Solution: Anytime you see this error, the issue is simply that you need to specify input files and output directories. There are buttons on each part of the GUI that coincide with the error.
-
Error Occured / Error in Run Check Print Statement
Solution: Check the print statement. Fixing these largely depend on the kind of error that appears. The most common source of errors are improper formatting of input files or masterfiles. Check that your inputs are formatted properly. If you have any questions regarding formatting, first refer to the Input Format video under Demo in the documentation.
-
Unable to delete condition. Check print statement and check if condition files/folders are open.
Solution: Likelihood is that you have deleted the folder already or you have a file open in the folder for that condition. Close any condition associated files, press refresh, and try again.
-
Combined Site: Not enough inputs selected. Please select at least two.

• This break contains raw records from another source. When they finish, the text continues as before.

(* Let $S=\{R_0,\dots,R_d\}$ be a quasi-thin scheme and let $n$ be the number of triples $(u,v,w)\in\{0,\dots,d\}^3$ with $p_{uv}^w\neq 0$. Then $n=(d+1)^2+|\{(a,b):R_a,R_b\in S,\ |R_{a'}R_b|=2\}|$.
   Context: Let $X$ be a nonempty finite set. A scheme of class $d$ on $X$ is a partition $S=\{R_0,\dots,R_d\}$ of $X\times X$ into nonempty sets such that $R_0=\{(b,b):b\in X\}$; for each $c$ there is $c'$ with $R_{c'}=\{(f,e):(e,f)\in R_c\}$; and for all $i,j,k$ the intersection number $p_{ij}^k=|\{\ell\in X:(m,\ell)\in R_i,(\ell,n)\in R_j\}|$ does not depend on $(m,n)\in R_k$. The valency of $R_a$ is $k_a=p_{aa'}^0$; $S$ is quasi-thin if all $k_a\le 2$. The complex product is $R_aR_b=\{R_c\in S:p_{ab}^c>0\}$. *)

From mathcomp Require Import all_boot.
Set Implicit Arguments. Unset Strict Implicit. Unset Printing Implicit Defensive.

(* A scheme of class d on a finite set X is encoded by the function
   R : X -> X -> 'I_d.+1 sending (x,y) to the index c with (x,y) \in R_c.
   This makes {R_0,...,R_d} automatically a partition of X * X into
   (possibly empty) classes; nonemptiness is required in [is_scheme]. *)

Section Scheme.
Variables (X : finType) (d : nat).
Implicit Types (R : X -> X -> 'I_d.+1) (a b c i j k : 'I_d.+1).

Definition pcount R i j (m n : X) : nat :=
  #|[set l : X | (R m l == i) && (R l n == j)]|.

Definition is_transpose R c c' : bool :=
  [forall x : X, forall y : X, (R y x == c') == (R x y == c)].

Definition is_scheme R : Prop :=
  [/\ (forall c, exists x : X, exists y : X, R x y = c),
      (forall x y : X, (R x y == ord0) = (x == y)),
      (forall c, exists c', is_transpose R c c') &
      (forall i j k (m n m2 n2 : X), R m n = k -> R m2 n2 = k ->
          pcount R i j m n = pcount R i j m2 n2)].

(* intersection number p_{ij}^k, evaluated at some pair (m,n) \in R_k *)
Definition pnum R i j k : nat :=
  match [pick mn : X * X | R mn.1 mn.2 == k] with
  | Some mn => pcount R i j mn.1 mn.2
  | None => 0
  end.

(* the index c' (unique in a scheme) *)
Definition tr R c : 'I_d.+1 := odflt c [pick c' | is_transpose R c c'].

Definition valency R a : nat := pnum R a (tr R a) ord0.

Definition quasi_thin R : Prop := forall a, valency R a <= 2.

Definition cprod R a b : {set 'I_d.+1} := [set c | 0 < pnum R a b c].

End Scheme.

From mathcomp Require Import all_boot.
Set Implicit Arguments. Unset Strict Implicit. Unset Printing Implicit Defensive.

(* Counting the triples (u,v,w) with p_uv^w <> 0 by their pair (u,v) gives
   the sum of |R_u R_v| over all pairs, so it suffices that every complex
   product has one or two elements, and then to reindex by a |-> a'. For the upper bound fix x: every pair (y,w) with
   x R_u y and R_w in R_u R_v extends, by regularity, to some z with
   x R_w z and y R_v z, and different pairs give different (y,z). Hence
   k_u |R_u R_v| <= k_u k_v, i.e. |R_u R_v| <= k_v <= 2. *)

Lemma sum_pos_le2 (T : finType) (f : T -> nat) :
  (forall t, 0 < f t <= 2) -> \sum_t f t = #|T| + #|[set t | f t == 2]|.
Proof.
move=> f12; rewrite -sum1dep_card [X in _ + X]big_mkcond -sum1_card -big_split /=.
by apply: eq_bigr => t _; have := f12 t; case: (f t) => [|[|[|]]].
Qed.

Lemma card_pnum_neq0 (X : finType) (d : nat) (R : X -> X -> 'I_d.+1) :
  #|[set t : 'I_d.+1 * 'I_d.+1 * 'I_d.+1 | pnum R t.1.1 t.1.2 t.2 != 0]|
  = \sum_(ab : 'I_d.+1 * 'I_d.+1) #|cprod R ab.1 ab.2|.
Proof.
rewrite -sum1dep_card.
rewrite (eq_bigr (fun ab => \sum_(c | pnum R ab.1 ab.2 c != 0) 1)) => [|ab _].
  by rewrite pair_big_dep.
by rewrite sum1dep_card; apply: eq_card => c; rewrite !inE lt0n.
Qed.

Section Scheme.
Variables (X : finType) (d : nat) (R : X -> X -> 'I_d.+1).
Hypothesis schemeR : is_scheme R.

Lemma pnumE i j k m n : R m n = k -> pnum R i j k = pcount R i j m n.
Proof.
case: schemeR => _ _ _ regR Rmn; rewrite /pnum.
case: pickP => [[m' n'] /= /eqP Rmn'|/(_ (m, n)) /=]; last by rewrite Rmn eqxx.
exact: regR Rmn' Rmn.
Qed.

Lemma trP c x y : (R y x == tr R c) = (R x y == c).
Proof.
case: schemeR => _ _ trR _; rewrite /tr.
case: pickP => [c' /forallP /(_ x) /forallP /(_ y) /eqP //|no_tr].
by have [c' trc'] := trR c; move: (no_tr c'); rewrite trc'.
Qed.

Lemma trK : involutive (tr R).
Proof.
move=> c; case: schemeR => [nonempty _ _ _]; have [x [y Rxy]] := nonempty c.
have : R x y == tr R (tr R c) by rewrite !trP Rxy.
by rewrite Rxy => /eqP.
Qed.

Lemma valencyE c x : #|[set y | R x y == c]| = valency R c.
Proof.
case: schemeR => _ R0 _ _.
rewrite /valency (@pnumE _ _ _ x x); last by apply/eqP; rewrite R0.
by apply: eq_card => y; rewrite !inE trP andbb.
Qed.

Lemma valency_gt0 c : 0 < valency R c.
Proof.
case: schemeR => [nonempty _ _ _]; have [x [y Rxy]] := nonempty c.
by rewrite -(valencyE c x); apply/card_gt0P; exists y; rewrite inE Rxy.
Qed.

Lemma mem_cprod u v x y z : R x y = u -> R y z = v -> R x z \in cprod R u v.
Proof.
move=> Rxy Ryz; rewrite inE (@pnumE _ _ _ x z) //.
by apply/card_gt0P; exists y; rewrite inE Rxy Ryz !eqxx.
Qed.

Lemma cprod_triangle u v w x y :
  w \in cprod R u v -> R x y = u -> exists z, (R x z == w) && (R y z == v).
Proof.
case: schemeR => [nonempty _ _ _]; have [x' [z' Rx'z']] := nonempty w.
rewrite inE (pnumE _ _ Rx'z') => /card_gt0P [y' /[!inE] /andP [/eqP Rx'y' Ry'z']] Rxy.
(* p_{w v'}^u is positive at (x',y'), hence also at (x,y) *)
have : 0 < pcount R w (tr R v) x' y'.
  by apply/card_gt0P; exists z'; rewrite inE Rx'z' trP Ry'z' eqxx.
rewrite -(pnumE _ _ Rx'y') (pnumE _ _ Rxy) => /card_gt0P [z /[!inE] /andP [Rxz Rzy]].
by exists z; rewrite Rxz -trP.
Qed.

Lemma card_cprod_gt0 u v : 0 < #|cprod R u v|.
Proof.
case: schemeR => [nonempty _ _ _]; have [x [y Rxy]] := nonempty u.
have /card_gt0P [z /[!inE] /eqP Ryz] : 0 < #|[set z | R y z == v]|.
  by rewrite valencyE valency_gt0.
by apply/card_gt0P; exists (R x z); apply: mem_cprod Ryz.
Qed.

Lemma card_cprod_le_valency u v : #|cprod R u v| <= valency R v.
Proof.
case: schemeR => [nonempty _ _ _]; have [x _] := nonempty u.
pose Y := [set y | R x y == u].
pose Q := [set yz : X * X | (R x yz.1 == u) && (R yz.1 yz.2 == v)].
pose lift yw : X * X := (yw.1, odflt x [pick z | (R x z == yw.2) && (R yw.1 z == v)]).
have liftP yw : yw \in setX Y (cprod R u v) ->
    (R x (lift yw).2 == yw.2) && (R yw.1 (lift yw).2 == v).
  case: yw => y w /setXP []; rewrite [y \in Y]inE => /eqP Rxy uv_w /=.
  by case: pickP => [z //|no_z]; have [z] := cprod_triangle uv_w Rxy; rewrite no_z.
have card_Q : #|Q| = valency R u * valency R v.
  rewrite -(valencyE u x) -sum_nat_const.
  rewrite (eq_bigr (fun y => \sum_(z | R y z == v) 1)) => [|y _]; last first.
    by rewrite sum1dep_card valencyE.
  by rewrite pair_big_dep sum1dep_card; apply: eq_card => yz; rewrite !inE.
have inj_lift : {in setX Y (cprod R u v) &, injective lift}.
  move=> [y w] [y' w'] /liftP /andP [/eqP /= Rxz _] /liftP /andP [/eqP /= Rxz' _] [/= ey ez].
  by rewrite -Rxz -Rxz' ez ey.
rewrite -(leq_pmul2l (valency_gt0 u)) -card_Q -(valencyE u x) -cardsX.
rewrite -(card_in_imset inj_lift); apply/subset_leq_card/subsetP => _ /imsetP [yw Dyw ->].
have /andP [_ Ryz] := liftP yw Dyw; rewrite inE Ryz andbT.
by case: yw Dyw {Ryz} => y w /setXP [/[!inE]].
Qed.

Lemma card_tr_pairs (P : pred ('I_d.+1 * 'I_d.+1)) :
  #|[set ab | P (tr R ab.1, ab.2)]| = #|[set ab | P ab]|.
Proof.
have inj : injective (fun ab : 'I_d.+1 * 'I_d.+1 => (tr R ab.1, ab.2)).
  by move=> [a b] [a' b'] [ea eb]; rewrite -(trK a) ea trK eb.
by rewrite -[RHS](card_preimset _ inj); apply: eq_card => ab; rewrite !inE.
Qed.

End Scheme.

Theorem lemma2p2 (X : finType) (d : nat) (R : X -> X -> 'I_d.+1) :
  is_scheme R -> quasi_thin R ->
  #|[set t : 'I_d.+1 * 'I_d.+1 * 'I_d.+1 | pnum R t.1.1 t.1.2 t.2 != 0]|
  = d.+1 ^ 2 + #|[set ab : 'I_d.+1 * 'I_d.+1 | #|cprod R (tr R ab.1) ab.2| == 2]|.
Proof.
move=> schemeR thinR.
rewrite card_pnum_neq0 sum_pos_le2; last first.
  move=> [a b]; rewrite card_cprod_gt0 //=.
  exact: leq_trans (card_cprod_le_valency schemeR a b) (thinR b).
rewrite card_prod card_ord mulnn.
by rewrite (card_tr_pairs schemeR (fun ab => #|cprod R ab.1 ab.2| == 2)).
Qed.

Solution: Combined Site requires multiple Label Sites files to run.
-
Combined Site: [CONDITION] Shared_OUTPUT.csv is empty
Solution: The issue is likely that there were no shared label sites between the conditions. This can be the result of using data from different species. To check this, compare your input Label Sites files. If this is true, there will not be any matches in the Label@Accession column between conditions. You can also check the print statement with the run. A error message should be returned with a statement included "No shared sites found."
-
Residue Mapper: No outputs
Solution: The issue is likely that your Label Sites.csv file is empty. This is most likely an issue of having no labeled peptides passing the fitting conditions in Fitting Efficiency. First check your Label Sites.csv file, then check your Fitted Peptides.csv file under the Conf Int in Range column. If the column is empty, no peptides could be fit properly. This can be an issue of your criteria being too strict or experimental error. If there are peptides in the Conf Int in Range column, check if any of them contain labels in the CHalf format (i.e. Y(+125.90)); this does not include TMT tags of the form (+229.16). If there are no tags present, nothing was labeled and fit properly. If there are tags present, but they are not in the CHalf format of AA(+MASS), they will not be transferred over properly to Label Sites.csv files. In this case, you must edit your tags in your proteins.csv and protein-peptides.csv files to fit the CHalf format and run CHalf again.
-
Combined Residue Mapper: No outputs
Solution: The issue is likely that your Label Sites.csv files are empty or have no shared proteins. If a Label Sites.csv is empty, this is most likely an issue of having no labeled peptides passing the fitting conditions in Fitting Efficiency. First check your Label Sites.csv file, then check your Fitted Peptides.csv file under the Conf Int in Range column. If the column is empty, no peptides could be fit properly. This can be an issue of your criteria being too strict or experimental error. If there are peptides in the Conf Int in Range column, check if any of them contain labels in the CHalf format (i.e. Y(+125.90)); this does not include TMT tags of the form (+229.16). If there are no tags present, nothing was labeled and fit properly. If there are tags present, but they are not in the CHalf format of AA(+MASS), they will not be transferred over properly to Label Sites.csv files. In this case, you must edit your tags in your proteins.csv and protein-peptides.csv files to fit the CHalf format and run CHalf again.